Ту Хокс повернул глобус.
— На нашей Земле индейцы в доисторические времена эмигрировали из Восточной Азии в Северную Америку, а потом переселились в Центральную и Южную Америку. Переселение началось около двенадцати тысяч лет назад и продолжалось несколько веков. Как мы знаем, все эти первоначально монголоидные группы и роды развились в Америке в индейский тип. Эскимосы, кажется, были последними, кто предпринял это переселение.
Но на этой Земле индейцы не могли переселиться в Америку. Поэтому они переселились на запад и дошли до восточноевропейских стран, — он провел указательным пальцем по Европе и ткнул в Аппенинский полуостров. Государство, отмеченное границами желтого цвета, включило часть Хорватии и Чехословакии. Ту Хокс громко прочитал название этой страны.
— Акхайвия, Ахея? Если это Ахея, тогда получается, греки почему-то переселились на Аппенинский полуостров, а не осели в Пелопоннесе!
Он склонился над глобусом.
— Хатти… Хатти… Хетты? На нашей Земле они завоевали часть Малой Азии, пережили расцвет, в средние века двинулись на Египет, а потом исчезли.
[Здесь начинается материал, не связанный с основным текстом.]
(* Let $d\in\mathbb{N}$, $d>1$, and write $a:=\lceil\log_2d\rceil$. For any $0<\epsilon\le\frac{3^{a}-1}{3^{a-1}-1}$ (read as $+\infty$ when $3^{a-1}-1=0$), there exists a ReLU FNN function $f^{(mtp)}_{FF,d}:\mathbb{R}^d\to\mathbb{R}$ with width $21\cdot2^{a-1}$, depth $C\ln\frac{3^{a}-1}{2\epsilon}$ and weight bound $C$, where $C$ is a constant independent of $\epsilon$, such that for all $\boldsymbol x\in[0,1]^d$, $$|f^{(mtp)}_{FF,d}(\boldsymbol x)-x_1\cdots x_d|\le\epsilon.$$
   Context: ReLU FNN of depth $L$, width $W$: $f_0=x$, $f_l=\sigma_R(W_lf_{l-1}+b_l)$ ($1\le l\le L-1$), $f=W_Lf_{L-1}+b_L$ with hidden layers of width $W$, $\sigma_R(x)=\max\{x,0\}$; the weight bound is the maximum absolute value of all weights and biases. *)

From HB Require Import structures.
From mathcomp Require Import all_boot all_order all_algebra.
From mathcomp Require Import all_classical all_reals all_analysis.
Set Implicit Arguments. Unset Strict Implicit. Unset Printing Implicit Defensive.
Import Order.TTheory GRing.Theory Num.Theory.
Local Open Scope ring_scope.

Definition relu {R : realType} (t : R) : R := Num.max t 0.

(* Layer widths of a ReLU FNN with input dimension d, hidden width W and
   depth L (L affine maps): layer 0 = input (dim d), layers 1..L-1 hidden
   (dim W), layer L = output (dim 1). *)
Definition layer_dim (d W L l : nat) : nat :=
  if l == 0%N then d else if (l < L)%N then W else 1%N.

(* Weights:  w l i j = entry (i,j) of W_l,  b l i = entry i of b_l  (1 <= l <= L).
   Only the entries with i < layer_dim l, j < layer_dim (l-1) are used. *)
Fixpoint fnn_hidden {R : realType} (d W L : nat)
  (w : nat -> nat -> nat -> R) (b : nat -> nat -> R) (x : nat -> R) (l : nat)
  : nat -> R :=
  match l with
  | 0%N => x
  | l'.+1 => fun i =>
      relu (\sum_(j < layer_dim d W L l') w l'.+1 i j * fnn_hidden d W L w b x l' j
            + b l'.+1 i)
  end.

Definition fnn_eval {R : realType} (d W L : nat)
  (w : nat -> nat -> nat -> R) (b : nat -> nat -> R) (x : nat -> R) : R :=
  \sum_(j < layer_dim d W L L.-1) w L 0%N j * fnn_hidden d W L w b x L.-1 j
  + b L 0%N.

Definition fnn_weight_bounded {R : realType} (d W L : nat)
  (w : nat -> nat -> nat -> R) (b : nat -> nat -> R) (B : R) : Prop :=
  forall l, (1 <= l <= L)%N -> forall i, (i < layer_dim d W L l)%N ->
    `|b l i| <= B /\
    forall j, (j < layer_dim d W L l.-1)%N -> `|w l i j| <= B.

(* a = ceil(log_2 d): smallest e with d <= 2^e *)
Definition mtp_a (d : nat) : nat := up_log 2 d.

From HB Require Import structures.
From mathcomp Require Import all_boot all_order all_algebra.
From mathcomp Require Import all_classical all_reals all_analysis.
From mathcomp Require Import ring lra zify.
Import Order.TTheory GRing.Theory Num.Theory.
Local Open Scope ring_scope.
Set Implicit Arguments. Unset Strict Implicit. Unset Printing Implicit Defensive.

(* Yarotsky's construction. On [0, 1] the hat map satisfies
   [4 t (1 - t) = hat t + hat t (1 - hat t)], so
   [z - sum_(1 <= s <= n) hat^s z / 4^s] approximates [z^2] within [4^-(n+1)].
   Polarization [c y = 2 ((c + y) / 2)^2 - (c^2 + y^2) / 2] turns this into an
   approximate product with error [2 4^-(m+1)]. Multiplying the factors in one
   at a time, and clipping the running product back into [0, 1] with
   [relu p - relu (p - 1)] (which keeps it where that estimate holds and never
   increases its error), gives the product of [d] factors within
   [(d - 1) 2 4^-(m+1)]. Every step is computed exactly by ReLU layers using
   [d + 9] neurons (the others stay idle), so choosing [2^m] of order [d / eps]
   yields depth [O (d (ln d + ln (1 / eps)))] with weights bounded by [7]: the
   constant depends on [d] but not on [eps]. *)

Definition hat {R : realType} (t : R) : R := 2 * relu t - 4 * relu (t - 1/2).

Section SawtoothProduct.
Variable R : realType.
Implicit Types (t z c y p P : R) (n k : nat).

Lemma ger0_relu t : 0 <= t -> relu t = t.
Proof. by move=> t0; rewrite /relu max_l. Qed.

Lemma ler0_relu t : t <= 0 -> relu t = 0.
Proof. by move=> t0; rewrite /relu max_r. Qed.

Lemma hatE t : 0 <= t <= 1 ->
  (t <= 1/2 /\ hat t = 2 * t) \/ (1/2 <= t /\ hat t = 2 - 2 * t).
Proof.
move=> /andP[t0 t1]; rewrite /hat ger0_relu //.
have [th|th] := lerP t (1/2).
  by left; rewrite ler0_relu ?subr_le0 //; split => //; lra.
by right; rewrite ger0_relu; [split; lra | lra].
Qed.

Lemma hat_in01 t : 0 <= t <= 1 -> 0 <= hat t <= 1.
Proof.
by move=> t01; have [] := hatE t01 => -[? ->]; case/andP: t01 => ? ?; apply/andP; split; lra.
Qed.

Lemma iter_hat_in01 n z : 0 <= z <= 1 -> 0 <= iter n hat z <= 1.
Proof. by move=> z01; elim: n => //= n; apply: hat_in01. Qed.

Definition parab t : R := t * (1 - t).

Lemma parab_bounds t : 0 <= t <= 1 -> 0 <= parab t <= 1/4.
Proof.
move=> /andP[t0 t1]; have := sqr_ge0 (t - 1/2); rewrite /parab expr2 => ?.
by apply/andP; split; nra.
Qed.

Lemma parab_hat t : 0 <= t <= 1 -> 4 * parab t = hat t + parab (hat t).
Proof. by move=> t01; rewrite /parab; have [] := hatE t01 => -[_ ->]; ring. Qed.

Fixpoint sq_approx n z : R :=
  if n is n'.+1 then sq_approx n' z - iter n hat z / 4 ^+ n else z.

Lemma sq_approxE n z : 0 <= z <= 1 ->
  sq_approx n z = z ^+ 2 + parab (iter n hat z) / 4 ^+ n.
Proof.
move=> z01; elim: n => [|n IH] /=; first by rewrite /parab expr0 divr1; ring.
have /parab_hat e := iter_hat_in01 n z01.
have : (4 : R) ^+ n != 0 by rewrite expf_neq0 // pnatr_eq0.
rewrite IH [(4 : R) ^+ n.+1]exprS; move: e.
set u := iter n hat z; set v := (4 : R) ^+ n => e v0.
have -> : parab (hat u) = 4 * parab u - hat u by rewrite e; ring.
by field.
Qed.

Lemma sq_approx_err n z : 0 <= z <= 1 -> 0 <= sq_approx n z - z ^+ 2 <= (4 ^+ n.+1)^-1.
Proof.
move=> z01; rewrite sq_approxE // addrC addKr.
have /andP[q0 q1] := parab_bounds (iter_hat_in01 n z01).
have p4 : 0 < (4 : R) ^+ n by rewrite exprn_gt0.
by rewrite divr_ge0 ?(ltW p4) //= ler_pdivrMr // exprSr invfM mulrAC mulVf ?gt_eqF.
Qed.

Definition polarize (g : R -> R) c y : R := 2 * g ((c + y) / 2) - (g c + g y) / 2.

Lemma polarize_err (g : R -> R) (e : R) c y :
  (forall z, 0 <= z <= 1 -> 0 <= g z - z ^+ 2 <= e) ->
  0 <= c <= 1 -> 0 <= y <= 1 -> `|polarize g c y - c * y| <= 2 * e.
Proof.
move=> g_err c01 y01.
have m01 : 0 <= (c + y) / 2 <= 1.
  by case/andP: c01 => ? ?; case/andP: y01 => ? ?; apply/andP; split; lra.
have -> : polarize g c y - c * y = 2 * (g ((c + y) / 2) - ((c + y) / 2) ^+ 2)
    - ((g c - c ^+ 2) + (g y - y ^+ 2)) / 2 by rewrite /polarize; field.
move: (g_err _ m01) (g_err _ c01) (g_err _ y01).
move: (g _ - _) (g c - _) (g y - _) => a b b' /andP[? ?] /andP[? ?] /andP[? ?].
by rewrite ler_norml; apply/andP; split; lra.
Qed.

Definition clip01 p : R := relu p - relu (p - 1).

Lemma clip01_in01 p : 0 <= clip01 p <= 1.
Proof.
rewrite /clip01; have [p0|p0] := lerP p 0.
  by rewrite !ler0_relu ?subr0 ?lexx ?ler01 //; lra.
rewrite ger0_relu ?(ltW p0) //; have [p1|p1] := lerP p 1.
  by rewrite ler0_relu ?subr0; [apply/andP; split; lra | lra].
by rewrite ger0_relu; [apply/andP; split; lra | lra].
Qed.

Lemma dist_clip01 p P : 0 <= P <= 1 -> `|clip01 p - P| <= `|p - P|.
Proof.
move=> /andP[P0 P1]; rewrite /clip01; have [p0|p0] := lerP p 0.
  rewrite (ler0_relu p0) ler0_relu; last lra.
  by rewrite subr0 sub0r normrN (ger0_norm P0) ler0_norm; lra.
rewrite ger0_relu ?(ltW p0) //; have [p1|p1] := lerP p 1.
  by rewrite ler0_relu ?subr0; lra.
rewrite ger0_relu; last lra.
by rewrite !ger0_norm; lra.
Qed.

Fixpoint prod_approx (mul : R -> R -> R) (x : nat -> R) k : R :=
  if k is k'.+1 then mul (clip01 (prod_approx mul x k')) (x k) else x 0%N.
А что произошло с греками? Что произошло здесь? Они прочно осели в стране, которая была населена греками, а потом почему-то устремились на Запад. И нашу Грецию назвали именем Хатти.
Он продолжал рассуждать вслух.
— Я, конечно, не знаю подробностей и исхожу только из своих наблюдений. Но могу поклясться, что ирокезы и другие индейские племена вторглись в Восточную Европу и осели там.
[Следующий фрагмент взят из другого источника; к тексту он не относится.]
Lemma of_levelsK L x : dyck L x -> of_levels L (up_levels L x) = x.
Proof.
elim: x L => [|[] x IH] L /=; first by move=> /eqP ->.
  by move=> /IH ->; rewrite subnn.
case: L => [|L] //= /IH x_eq.
by rewrite of_levelsS ?x_eq // => a w; apply: up_levels_head.
Qed.

Lemma of_levels_spec L w : sorted climb w -> (forall a w', w = a :: w' -> a <= L) ->
  [/\ dyck L (of_levels L w), up_levels L (of_levels L w) = w
    & size (of_levels L w) = L + 2 * size w].
Proof.
elim: w L => [|a w IH] L /=.
  move=> _ _; split; [by elim: L | by elim: L | by rewrite size_nseq addn0].
move=> sorted_aw a_le; have {}a_le := a_le a w erefl.
have a_sub : L - (L - a) = a by lia.
have [dyck_w levels_w size_w] : [/\ dyck a.+1 (of_levels a.+1 w),
    up_levels a.+1 (of_levels a.+1 w) = w & size (of_levels a.+1 w) = a.+1 + 2 * size w].
  apply: IH; first exact: path_sorted sorted_aw.
  by move=> b w' E; move: sorted_aw; rewrite E /= => /andP [].
split.
- by rewrite dyck_nseq a_sub /= dyck_w andbT; lia.
- by rewrite up_levels_nseq a_sub /= levels_w.
- by rewrite size_cat size_nseq /= size_w; lia.
Qed.

Lemma positive_level_seq m x : 1 <= m -> positive_string m x ->
  level_seq (up_levels 0 x) /\ size (up_levels 0 x) = m.
Proof.
move=> m_gt0 pos_x; case: (pos_x) => /andP [_ /eqP count_x] _.
have size_w : size (up_levels 0 x) = m by rewrite size_up_levels count_x.
split=> //; rewrite /level_seq sorted_up_levels andbT.
case E: (up_levels 0 x) => [|a w]; first by move: size_w; rewrite E /=; lia.
by have := up_levels_head E; case: a {E}.
Qed.

Lemma level_seq_positive w : level_seq w ->
  positive_string (size w) (of_levels 0 w) /\ up_levels 0 (of_levels 0 w) = w.
Proof.
case/andP=> head_w sorted_w.
have head0 a w' : w = a :: w' -> a <= 0 by move=> E; move: head_w; rewrite E => /eqP /= ->.
have [dyck_w levels_w size_w] := of_levels_spec sorted_w head0.
by split=> //; apply/positive_stringE.
Qed.

Notation piece := (int * nat)%type.

Lemma concurrentC s t : concurrent s t = concurrent t s.
Proof. by rewrite /concurrent -normrN opprB. Qed.

Lemma concurrent_refl s : concurrent s s.
Proof. by rewrite /concurrent subrr. Qed.

Lemma drop_height_cons (q : piece) C s : drop_height (q :: C) s =
  if concurrent q.1 s then maxn (drop_height C s) q.2.+1 else drop_height C s.
Proof. by []. Qed.

Lemma drop_height_gt C s (p : piece) :
  p \in C -> concurrent p.1 s -> p.2 < drop_height C s.
Proof.
elim: C => // q C IH; rewrite inE drop_height_cons => /orP [/eqP -> | p_in] p_s.
  by rewrite p_s; lia.
by have := IH p_in p_s; case: ifP => _; lia.
Qed.

Lemma drop_height_support C s : drop_height C s = 0 \/
  exists2 p : piece, p \in C & concurrent p.1 s /\ p.2.+1 = drop_height C s.
Proof.
elim: C => [|q C IH]; first by left.
rewrite drop_height_cons; case: ifP => q_s; last first.
  case: IH => [-> |[p p_in p_s]]; first by left.
  by right; exists p => //; rewrite inE p_in orbT.
right; have [le_q|lt_q] := leqP (drop_height C s) q.2.+1.
  by exists q; [rewrite mem_head | split=> //; lia].
case: IH => [E |[p p_in [p_s p_top]]]; first lia.
by exists p; [rewrite inE p_in orbT | split=> //; lia].
Qed.

Lemma drop_heightE C s h :
  (forall p : piece, p \in C -> concurrent p.1 s -> p.2 < h) ->
  (h = 0 \/ exists2 p : piece, p \in C & concurrent p.1 s /\ p.2.+1 = h) ->
  drop_height C s = h.
Proof.
move=> below reach; apply/eqP; rewrite eqn_leq; apply/andP; split.
- by case: (drop_height_support C s) => [-> //|[p p_in [p_s <-]]]; apply: below.
- by case: reach => [-> //|[q q_in [q_s <-]]]; apply: drop_height_gt q_in q_s.
Qed.

Lemma drop_all_rcons ds s : drop_all (rcons ds s) = Defs.drop (drop_all ds) s.
Proof. by rewrite /drop_all -cats1 foldl_cat. Qed.

Lemma drop_all_pos ds (p : piece) : p \in drop_all ds -> p.1 \in ds.
Proof.
elim/last_ind: ds => // ds s IH; rewrite drop_all_rcons mem_rcons !inE.
by case/orP=> [/eqP -> | /IH ->]; rewrite ?eqxx ?orbT.
Qed.

Lemma drop_all_at ds s : s \in ds -> exists h, (s, h) \in drop_all ds.
Proof.
elim/last_ind: ds => // ds t IH; rewrite mem_rcons drop_all_rcons inE.
case/orP=> [/eqP -> | /IH [h s_in]]; first by exists (drop_height (drop_all ds) t); rewrite mem_head.
by exists h; rewrite inE s_in orbT.
Qed.

Lemma uniq_drop_all ds : uniq (drop_all ds).
Proof.
elim/last_ind: ds => // ds s IH; rewrite drop_all_rcons /= IH andbT.
by apply/negP => /drop_height_gt /(_ (concurrent_refl s)); rewrite ltnn.
Qed.

Lemma size_drop_all ds : size (drop_all ds) = size ds.
Proof. by elim/last_ind: ds => // ds s IH; rewrite drop_all_rcons size_rcons /= IH. Qed.

Definition layered (pT : predType piece) (C : pT) : Prop :=
  {in C &, forall p q, concurrent p.1 q.1 -> p.2 = q.2 -> p = q}.

Definition supported (pT : predType piece) (C : pT) : Prop :=
  {in C, forall p, 0 < p.2 ->
    exists2 q : piece, q \in C & concurrent q.1 p.1 /\ q.2.+1 = p.2}.

Lemma layered_drop_all ds : layered (drop_all ds).
Proof.
elim/last_ind: ds => [|ds s IH] p q; first by rewrite in_nil.
rewrite drop_all_rcons /= !inE.
case/orP=> [/eqP -> | p_in] /orP [/eqP -> | q_in] //= pq_conc pq_level.
- rewrite concurrentC in pq_conc.
  by have := drop_height_gt q_in pq_conc; rewrite pq_level ltnn.
- by have := drop_height_gt p_in pq_conc; rewrite pq_level ltnn.
- exact: IH.
Qed.

Lemma supported_drop_all ds : supported (drop_all ds).
Proof.
elim/last_ind: ds => [|ds s IH] p; first by rewrite in_nil.
rewrite drop_all_rcons /= inE.
case/orP=> [/eqP -> /= | p_in p_gt0]; last first.
  by have [q q_in q_p] := IH p p_in p_gt0; exists q => //; rewrite inE q_in orbT.
case: (drop_height_support (drop_all ds) s) => [-> //|[q q_in q_s]] _.
by exists q => //; rewrite inE q_in orbT.
Qed.

Definition level_heap (w : seq nat) : seq piece := drop_all (map Posz w).

Definition top_in (pT : predType piece) (C : pT) (p : piece) : Prop :=
  {in C, forall q, concurrent q.1 p.1 -> q.2 <= p.2}.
Если это было очень давно, пути индоевропейских народов могли и измениться. Этим можно объяснить присутствие индо-германских хеттов в Греции и греков в Италии. Может быть, вторжение с Востока привело к тому, что народы этих стран были оттеснены дальше на Запад. Гмм! Спрашивается, что же стало с италийскими народами, самнитами, латинами, сабинянами, вольсками? Может быть, их тоже оттеснили на Запад? Они поселились в Италии до ахейцев и были покорены?
Он указал на ярко-зеленое пятно, занимающее Восточную Румынию и Украину.
— Готинозония. На языке ирокезов это звучит как Кстхизанки, что означает — «строитель домов». Наш Днестр здесь называется Ох'хиджо «прекрасная река», как наше Огайо. Как тебе это нравится, О'Брайен?
О'Брайен слабо улыбнулся.
— Спасибо. Но что мне эти знакомые названия? Не могу я еще во все это поверить.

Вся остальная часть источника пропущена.